▶ _Problem to solve_
Output only the lines of the entries that follow, starting at the one with "rewrite -exprVn -expr_div_n -muln2 natrM." and running down to the one with "- by rewrite ler_pXn2r", both included and unchanged.

Records drawn from a dataset:
Lemma sq_mul_exp2_inv_le (R : realFieldType) (k : nat) : (40 <= k)%N ->
  k%:R * (2 ^+ (k ^ 2))^-1 <= (2 ^+ (34 * k))^-1 * k%:R^-1 :> R.
Proof.
move=> k40; have k_gt0 : 0 < k%:R :> R by rewrite ltr0n; lia.
rewrite -invfM ler_pdivrMr ?exprn_gt0 // ler_pdivlMl ?mulr_gt0 ?exprn_gt0 //.
rewrite mulrC [2 ^+ _ * _]mulrC mulrA.
by have := sq_exp34_leq_exp_sq _ k40; rewrite -(ler_nat R) !natrM !natrX.
Qed.

Section ExponentialBounds.
Variable R : realType.

Lemma expR_half_le2 : expR (2^-1 : R) <= 2.
Proof.
have := expR_ge1Dx (- 2^-1 : R); rewrite expRN.
have -> : 1 - 2^-1 = (2^-1 : R) by field.
by rewrite lef_pV2 ?posrE ?expR_gt0 ?invr_gt0.
Qed.

Lemma exp2_inv_le_expRN (k : nat) (t : R) : 0 <= t -> t <= 3 * k%:R ->
  (2 ^+ (30 * k))^-1 <= expR (- (5 * t)).
Proof.
move=> t0 t3k; rewrite expRN lef_pV2 ?posrE ?expR_gt0 ?exprn_gt0 //.
apply: (@le_trans _ _ (expR ((30 * k)%:R * 2^-1))).
  by rewrite ler_expR natrM; lra.
rewrite expRM_natl; case: (posnP (30 * k)) => [->|k_gt0]; first by rewrite !expr0.
by rewrite ler_pXn2r ?nnegrE ?expR_ge0 //; exact: expR_half_le2.
Qed.

Lemma exp2_inv_le_exp_term (k : nat) (t : R) : (0 < k)%N -> k%:R / 2 <= t ->
  (2 ^+ (4 * k))^-1 <= t ^+ k.*2 / k.*2`!%:R.
Proof.
move=> k_gt0 kt; have k_pos : 0 < k%:R :> R by rewrite ltr0n.
have -> : (2 ^+ (4 * k))^-1 = (k%:R / 2) ^+ k.*2 / (k.*2)%:R ^+ k.*2 :> R.
  rewrite -exprVn -expr_div_n -muln2 natrM.
  have -> : (4 * k = (k * 2) + (k * 2))%N by lia.
  rewrite exprD -exprMn; congr (_ ^+ _); field; lra.
apply: ler_pM.
- by rewrite exprn_ge0 // divr_ge0 ?ler0n.
- by rewrite invr_ge0 exprn_ge0.
- by rewrite ler_pXn2r ?nnegrE ?double_gt0 //; lra.
- rewrite lef_pV2 ?posrE ?exprn_gt0 ?ltr0n ?fact_gt0 //; last lia.
  by rewrite -natrX ler_nat fact_leq_expn.
Qed.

▶ _Response for this exercise_
  rewrite -exprVn -expr_div_n -muln2 natrM.
  have -> : (4 * k = (k * 2) + (k * 2))%N by lia.
  rewrite exprD -exprMn; congr (_ ^+ _); field; lra.
apply: ler_pM.
- by rewrite exprn_ge0 // divr_ge0 ?ler0n.
- by rewrite invr_ge0 exprn_ge0.
- by rewrite ler_pXn2r ?nnegrE ?double_gt0 //; lra.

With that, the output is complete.